Speaking after the arrival of the Pui Pui in the Wetland Park, the Hong Kong AFCD Assistant Director Mr Lay Chik-chuen said there was no need for people to rush to the Park to see her, as she was here to stay.

"As a celebrity croc, we believe Pui Pui's exhibition in the Wetland Park will promote public awareness of wetland conservation," he said.
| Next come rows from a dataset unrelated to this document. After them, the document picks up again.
(* Let $(X,\mu)$ be any measure space, let $N\geq 2$ be an integer, and let $f_1,\dots,f_N$ be non-negative measurable functions on $X$ with $0<\sum_{j=1}^N \|f_j\|_p^p<\infty$. Define $$\Gamma_p(f_1,\dots,f_N) := \frac{\left\Vert \binom{N}{2}^{-1}\sum_{1\le i< j\le N} f_if_j\right\Vert_{p/2}^{p/2}}{\frac1N \sum_{j=1}^N \|f_j\|_p^p}$$ and $$r(N,p) = \frac{2N}{2N+(p-2)(2N-1)}.$$ Then for all $p\in(2,\infty)$, $$\Big\|\sum_{j=1}^N f_j\Big\|_p^p \leq \Big[\,1 + (N-1)\,\Gamma_p(f_1,\dots,f_N)^{r(N,p)}\Big]^{p-1}\sum_{j=1}^N \|f_j\|_p^p,$$ and for all $p\in(1,2)$ the reverse inequality ($\geq$) holds.
   Context: For any real $q\neq 0$ and measurable $f$, $\|f\|_q := \left(\int |f|^q\,d\mu\right)^{1/q}$ (this notation is used even when $q<1$, where it is not a norm). One has $0\le\Gamma_p\le 1$. *)

From HB Require Import structures.
From mathcomp Require Import all_boot all_order all_algebra.
From mathcomp Require Import all_classical all_reals all_analysis.
Set Implicit Arguments. Unset Strict Implicit. Unset Printing Implicit Defensive.
Import Order.TTheory GRing.Theory Num.Theory.
Local Open Scope classical_set_scope.
Local Open Scope ring_scope.

Definition pnormq {R : realType} {d : measure_display} {T : measurableType d}
  (mu : {measure set T -> \bar R}) (f : T -> R) (q : R) : \bar R :=
  (\int[mu]_x ((`|f x| `^ q)%:E))%E.

Definition sumpnorm {R : realType} {d : measure_display} {T : measurableType d}
  (mu : {measure set T -> \bar R}) (N : nat) (f : 'I_N -> T -> R) (p : R) : \bar R :=
  (\sum_(j < N) pnormq mu (f j) p)%E.

Definition pairavg {R : realType} {T : Type} (N : nat) (f : 'I_N -> T -> R) : T -> R :=
  fun x => ('C(N, 2)%:R)^-1 * \sum_(i < N) \sum_(j < N | (i < j)%N) f i x * f j x.

(* Gamma_p(f_1..f_N); all quantities are finite under the hypotheses *)
Definition Gammap {R : realType} {d : measure_display} {T : measurableType d}
  (mu : {measure set T -> \bar R}) (N : nat) (f : 'I_N -> T -> R) (p : R) : R :=
  fine (pnormq mu (pairavg f) (p / 2)) / ((N%:R)^-1 * fine (sumpnorm mu f p)).

Definition rNp {R : realType} (N : nat) (p : R) : R :=
  (2 * N%:R) / (2 * N%:R + (p - 2) * (2 * N%:R - 1)).

From HB Require Import structures.
From mathcomp Require Import all_boot all_order all_algebra.
From mathcomp Require Import all_classical all_reals all_analysis.
From mathcomp Require Import ring lra measurable_realfun.
Import Order.TTheory GRing.Theory Num.Theory.
Local Open Scope classical_set_scope.
Local Open Scope ring_scope.
Section pair_sums.
Variable R : comPzRingType.

Lemma natr_bin2 n : 'C(n, 2)%:R * 2 = n%:R * (n%:R - 1) :> R.
Proof.
have := congr1 (GRing.natmul (1 : R)) (bin_ffact n 2).
rewrite ffactnS ffactn1 !natrM => ->.
by case: n => [|n]; rewrite ?mul0r // -natr1 addrK.
Qed.

Lemma sqr_sum_pairs n (a : 'I_n -> R) :
  (\sum_(i < n) a i) ^+ 2 =
  \sum_(i < n) a i ^+ 2 + 2 * \sum_(i < n) \sum_(j < n | (i < j)%N) a i * a j.
Proof.
have split_row i : \sum_(j < n) a i * a j = a i ^+ 2 +
    (\sum_(j < n | (i < j)%N) a i * a j + \sum_(j < n | (j < i)%N) a i * a j).
  rewrite (bigD1 i) //= -expr2 (bigID (fun j : 'I_n => (i < j)%N)) /=.
  congr (_ + (_ + _)); apply: eq_bigl => j; rewrite -(inj_eq val_inj) /=.
    by case: ltngtP.
  by case: ltngtP.
rewrite expr2 big_distrl /=.
under eq_bigr => i _ do rewrite big_distrr /= split_row.
rewrite !big_split /= mulr2n mulrDl mul1r; congr (_ + (_ + _)).
rewrite (exchange_big_dep xpredT) //=.
by apply: eq_bigr => i _; apply: eq_bigr => j _; rewrite mulrC.
Qed.

End pair_sums.
Section powR_inequalities.
Context {R : realType}.
Implicit Types x y u v s al be : R.

Lemma ltr1_powR {x al} : 1 < x -> al < 1 -> x `^ al < x.
Proof.
move=> x1 al1; have x0 : 0 < x by lra.
rewrite /powR gt_eqF // -{2}(lnK x0) ltr_expR.
by have := ln_gt0 x1; nra.
Qed.

Lemma le0_ger_powR be x y : be <= 0 -> 0 < x -> x <= y -> y `^ be <= x `^ be.
Proof.
move=> be0 x0 xy; have y0 : 0 < y by lra.
rewrite /powR !gt_eqF // ler_expR.
have : ln x <= ln y by rewrite ler_ln ?posrE.
nra.
Qed.

Lemma powR_amgm {u v al} : 0 <= u -> 0 <= v -> 0 < al < 1 ->
  u `^ al * v `^ (1 - al) <= al * u + (1 - al) * v.
Proof.
move=> u0 v0 /andP[al0 al1]; have be0 : 0 < 1 - al by lra.
have := @conjugate_powR R (u `^ al) (v `^ (1 - al)) al^-1 (1 - al)^-1
  (powR_ge0 _ _) (powR_ge0 _ _).
rewrite !invr_gt0 !invrK -!powRrM !mulfV ?gt_eqF // !powRr1 // subrKC.
by rewrite [al * u]mulrC [_ * v]mulrC; apply.
Qed.

Lemma hoelder_sum_powR {I : finType} {x y : I -> R} {al} : 0 < al < 1 ->
  (forall i, 0 <= x i) -> (forall i, 0 <= y i) ->
  \sum_i x i `^ al * y i `^ (1 - al) <=
  (\sum_i x i) `^ al * (\sum_i y i) `^ (1 - al).
Proof.
move=> /[dup] al01 /andP[al0 al1] x0 y0.
set X := \sum_i x i; set Y := \sum_i y i.
have X0 : 0 <= X by exact: sumr_ge0.
have Y0 : 0 <= Y by exact: sumr_ge0.
have [XE|Xn0] := eqVneq X 0.
  rewrite big1 => [|i _]; first by rewrite mulr_ge0 ?powR_ge0.
  by rewrite (psumr_eq0P (fun i _ => x0 i) XE) // powR0 ?mul0r ?gt_eqF.
have [YE|Yn0] := eqVneq Y 0.
  rewrite big1 => [|i _]; first by rewrite mulr_ge0 ?powR_ge0.
  by rewrite (psumr_eq0P (fun i _ => y0 i) YE) // powR0 ?mulr0 // gt_eqF // subr_gt0.
have Xp : 0 < X by rewrite lt0r Xn0.
have Yp : 0 < Y by rewrite lt0r Yn0.
set K := X `^ al * Y `^ (1 - al).
have K0 : 0 <= K by rewrite mulr_ge0 ?powR_ge0.
(* each term is K times a weighted geometric mean of the normalized x i / X and y i / Y *)
apply: (@le_trans _ _ (\sum_i K * (al * (x i / X) + (1 - al) * (y i / Y)))).
  apply: ler_sum => i _.
  have -> : x i `^ al * y i `^ (1 - al) = K * ((x i / X) `^ al * (y i / Y) `^ (1 - al)).
    by rewrite /K mulrACA -!powRM ?divr_ge0 // !(mulrC _ (_ / _)) !divfK ?gt_eqF.
  by rewrite ler_wpM2l // powR_amgm ?divr_ge0.
rewrite -mulr_sumr big_split /= -!mulr_sumr -!mulr_suml -/X -/Y !mulfV ?gt_eqF //.
by rewrite !mulr1 subrKC mulr1.
Qed.

End powR_inequalities.

Section more.
Context {R : realType}.
Lemma powR_sum_le {I : finType} {a : I -> R} {p} : 1 < p -> (forall i, 0 <= a i) ->
  (\sum_i a i) `^ p <= #|I|%:R `^ (p - 1) * \sum_i a i `^ p.
Proof.
move=> p1 a0; have p0 : 0 < p by lra.
have ip : 0 < p^-1 < 1 by rewrite invr_gt0 invf_lt1; lra.
have := hoelder_sum_powR ip (fun i => powR_ge0 (a i) p) (fun=> ler01).
rewrite powR1 sumr_const -mulr_natr mul1r (eq_bigr a) => [H|i _]; last first.
  by rewrite -powRrM mulfV ?gt_eqF // powRr1 // mulr1.
have S0 : 0 <= \sum_i a i `^ p by rewrite sumr_ge0 // => i _; rewrite powR_ge0.
apply: le_trans (ge0_ler_powR (ltW p0) _ _ H) _; rewrite ?nnegrE ?sumr_ge0 ?mulr_ge0 ?powR_ge0 //.
rewrite powRM ?powR_ge0 // -!powRrM mulVf ?gt_eqF // powRr1 // mulrC.
by rewrite mulrBl mul1r mulVf ?gt_eqF.
Qed.

Lemma sum_sqr_le_hoelder {I : finType} {a : I -> R} {p} : 2 < p -> (forall i, 0 <= a i) ->
  \sum_i a i ^+ 2 <=
  (\sum_i a i) `^ ((p - 2) / (p - 1)) * (\sum_i a i `^ p) `^ (1 - (p - 2) / (p - 1)).
Proof.
move=> p2 a0; set th := (p - 2) / (p - 1).
have th01 : 0 < th < 1 by rewrite divr_gt0 ?ltr_pdivrMr /=; lra.
have thp : th + p * (1 - th) = 2 by rewrite /th; field; lra.
apply: le_trans (hoelder_sum_powR th01 a0 (fun i => powR_ge0 (a i) p)).
rewrite le_eqVlt; apply/orP; left; apply/eqP/eq_bigr => i _.
by rewrite -powRrM -powRD thp ?(powR_mulrn 2) // pnatr_eq0.
Qed.

Lemma sum_powR_le_hoelder {I : finType} {a : I -> R} {p} : 1 < p -> p < 2 ->
  (forall i, 0 <= a i) ->
  \sum_i a i `^ p <= (\sum_i a i) `^ (2 - p) * (\sum_i a i ^+ 2) `^ (p - 1).
Proof.
move=> p1 p2 a0.
have al01 : 0 < 2 - p < 1 by apply/andP; split; lra.
have := hoelder_sum_powR al01 a0 (fun i => sqr_ge0 (a i)).
rewrite (_ : 1 - (2 - p) = p - 1); last by ring.
rewrite (eq_bigr (fun i => a i `^ p)) // => i _.
rewrite -(powR_mulrn 2) // -powRrM -powRD; last by apply/implyP => /eqP; lra.
by congr (_ `^ _); ring.
Qed.

End more.

Section powR_more.
Context {R : realType}.

Lemma powR_amgm1 (n x : R) : 1 < n -> 0 <= x ->
  n * x `^ ((n - 1) / n) <= 1 + (n - 1) * x.
Proof.
move=> n1 x0; have n0 : 0 < n by lra.
have al01 : 0 < (n - 1) / n < 1 by rewrite divr_gt0 ?ltr_pdivrMr /=; lra.
have := powR_amgm x0 ler01 al01.
rewrite powR1 mulr1 -(ler_pM2l n0) => /le_trans; apply.
by rewrite le_eqVlt; apply/orP; left; apply/eqP; field; lra.
Qed.

Lemma powR_sublinear_lt {al be u v s s' : R} : al < 1 -> be < 1 -> 0 < u -> 0 <= v ->
  0 < s -> s < s' -> s' <= s' `^ al * u + s' `^ be * v -> s < s `^ al * u + s `^ be * v.
Proof.
move=> al1 be1 u0 v0 s0 ss'.
have [l l1 ->] : exists2 l, 1 < l & s' = l * s.
  by exists (s' / s); rewrite ?ltr_pdivlMr ?mul1r ?divfK ?gt_eqF.
have l0 : 0 < l by lra.
rewrite !powRM ?(ltW l0) ?(ltW s0) // -!mulrA.
have := ltr1_powR l1 al1; have := ltr1_powR l1 be1.
have : 0 < s `^ al * u by rewrite mulr_gt0 ?powR_gt0.
have : 0 <= s `^ be * v by rewrite mulr_ge0 ?powR_ge0.
move: (s `^ al * u) (s `^ be * v) (l `^ al) (l `^ be) => U V La Lb U0 V0 hb ha.
nra.
Qed.
End powR_more.

Lemma powR_mul_compl {R : realType} (x e : R) : 0 < x -> x `^ e * x `^ (1 - e) = x.
Proof. by move=> x0; rewrite -powRD ?subrKC ?powRr1 ?ltW // gt_eqF ?implybT. Qed.

Section powR_extra.
Context {R : realType}.

Lemma powR_sub2 {x p : R} : 0 <= x -> 0 < p -> x `^ p = x `^ (p - 2) * x ^+ 2.
Proof.
move=> x0 p0; have [->|xn0] := eqVneq x 0; first by rewrite expr0n mulr0 powR0 ?gt_eqF.
by rewrite -(powR_mulrn 2) // -powRD ?subrK // xn0 implybT.
Qed.

Lemma sum_powR_le {I : finType} {a : I -> R} {p} : 1 <= p -> (forall i, 0 <= a i) ->
  \sum_i a i `^ p <= (\sum_i a i) `^ p.
Proof.
move=> p1 a0; have p0 : 0 < p by exact: lt_le_trans ltr01 p1.
have S0 : 0 <= \sum_i a i by exact: sumr_ge0.
rewrite -mulr_powRB1 // mulr_suml; apply: ler_sum => i _.
rewrite -mulr_powRB1 // ler_wpM2l // ge0_ler_powR ?nnegrE ?subr_ge0 //.
by rewrite (bigD1 i) //= lerDl sumr_ge0.
Qed.

Lemma powR_le_inv {s a z al be : R} : 0 < s -> 0 <= a -> 0 <= z -> 0 < be ->
  a <= s `^ al * z `^ be -> s `^ (- al / be) * a `^ be^-1 <= z.
Proof.
move=> s0 a0 z0 be0; have ibe : 0 <= be^-1 by rewrite invr_ge0 ltW.
move=> /(ge0_ler_powR ibe).
rewrite !nnegrE a0 mulr_ge0 ?powR_ge0 // => /(_ isT isT).
rewrite powRM ?powR_ge0 // -!powRrM mulfV ?gt_eqF // powRr1 // => h.
rewrite -[z]mul1r -(powRr0 s) -(addNr (al / be)) powRD; last by rewrite (lt0r_neq0 s0) implybT.
by rewrite -mulrA mulNr ler_wpM2l ?powR_ge0.
Qed.

End powR_extra.

Definition hoelder_bound {R : realType} (N : nat) (p a b s : R) : R :=
  s `^ ((p - 2) / (p - 1)) * a `^ (1 - (p - 2) / (p - 1)) +
  N%:R * (N%:R - 1) * (s `^ (1 - 2 / p) * b `^ (2 / p)).

Lemma rNp_gt0 {R : realType} {N} {p : R} : 2 <= N%:R :> R -> 1 < p -> 0 < rNp N p.
Proof.
move=> n2 p1; have : 0 < (p - 1) * (2 * N%:R - 1) by apply: mulr_gt0; lra.
by rewrite /rNp => ?; apply: divr_gt0; lra.
Qed.

(* This identity is what singles out r(N,p). *)
Lemma rNp_exponent {R : realType} {N} {p : R} : 2 <= N%:R :> R -> 1 < p ->
  rNp N p * (N%:R - 1) / N%:R * (1 - 2 / p) + rNp N p = 2 / p.
Proof.
move=> n2 p1; have : 0 < (p - 1) * (2 * N%:R - 1) by apply: mulr_gt0; lra.
by rewrite /rNp => ?; field; rewrite !gt_eqF //; lra.
Qed.

Lemma rNp_amgm {R : realType} {N} {p t : R} : 2 <= N%:R :> R -> 1 < p -> 0 <= t ->
  let n := N%:R in let e := 1 - 2 / p in let w := 1 + (n - 1) * t `^ rNp N p in
  (2 < p -> n `^ e * t `^ (2 / p) <= w `^ e * t `^ rNp N p) /\
  (p < 2 -> w `^ e * t `^ rNp N p <= n `^ e * t `^ (2 / p)).
Proof.
move=> n2 p1 t0 /=.
have n1 : 1 < N%:R :> R by lra.
have e_ge0 : 2 < p -> 0 <= 1 - 2 / p by move=> p2; rewrite subr_ge0 ler_pdivrMr; lra.
have e_le0 : p < 2 -> 1 - 2 / p <= 0 by move=> p2; rewrite subr_le0 ler_pdivlMr; lra.
have [->|tn0] := eqVneq t 0.
  by rewrite !powR0 ?mulr0 ?gt_eqF ?rNp_gt0 ?divr_gt0 //; lra.
have nq0 : 0 < N%:R * t `^ (rNp N p * (N%:R - 1) / N%:R).
  by rewrite mulr_gt0 ?powR_gt0 ?lt0r ?tn0; lra.
have mean : N%:R * t `^ (rNp N p * (N%:R - 1) / N%:R) <= 1 + (N%:R - 1) * t `^ rNp N p.
  by rewrite -mulrA powRrM powR_amgm1 ?powR_ge0.
have -> : t `^ (2 / p) =
    (t `^ (rNp N p * (N%:R - 1) / N%:R)) `^ (1 - 2 / p) * t `^ rNp N p.
  by rewrite -powRrM -powRD ?rNp_exponent // tn0 implybT.
rewrite mulrA -powRM ?powR_ge0 ?ler0n //.
have w0 : 0 <= 1 + (N%:R - 1) * t `^ rNp N p by rewrite (le_trans (ltW nq0)).
split=> hp; apply: ler_wpM2r; rewrite ?powR_ge0 //.
- by apply: (ge0_ler_powR (e_ge0 hp)) mean; rewrite nnegrE ?(ltW nq0).
- exact: le0_ger_powR (e_le0 hp) nq0 mean.
Qed.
Hong Kong Wetland Park also sells stuffed crocodiles called "Pui Pui" as part of their merchandise.

== Pui Pui's Home ==
On 29 August 2006, she was moved into her landscaped enclosure and can be easily viewed by the public. Pui Pui's Home was designed to provide the reptile with a healthy and comfortable living environment.

The outdoor enclosure is about 8 by 9 m, of which 70% is pool area. With a maximum depth of one metre, the pool is landscaped with plants to provide sheltered areas, hiding places and basking areas for the reptile. Outdoor facilities include infra-red heaters, a heat pad and a weighing scale. Water in the pool is continuously circulated through a filtration system.

== Age and size ==
Pui Pui was estimated to be about 4 years-old when she was captured in 2004, therefore suggesting that she was born in 2000.

Measuring 1.75 m and weighing 19.5 kg when she moved to her permanent home in August 2006, Pui Pui will grow to three metres when fully matured. The 72-meter^{2} outdoor enclosure in the Hong Kong Wetland Park is designed to accommodate her as she grows larger.

== Popular culture ==
In October 2004, a bilingual children's book "The Crocodile who wanted to be famous", which is based on the life of Pui Pui, was published by Sixth Finger Press and attracted widespread interest in both the Chinese and English media.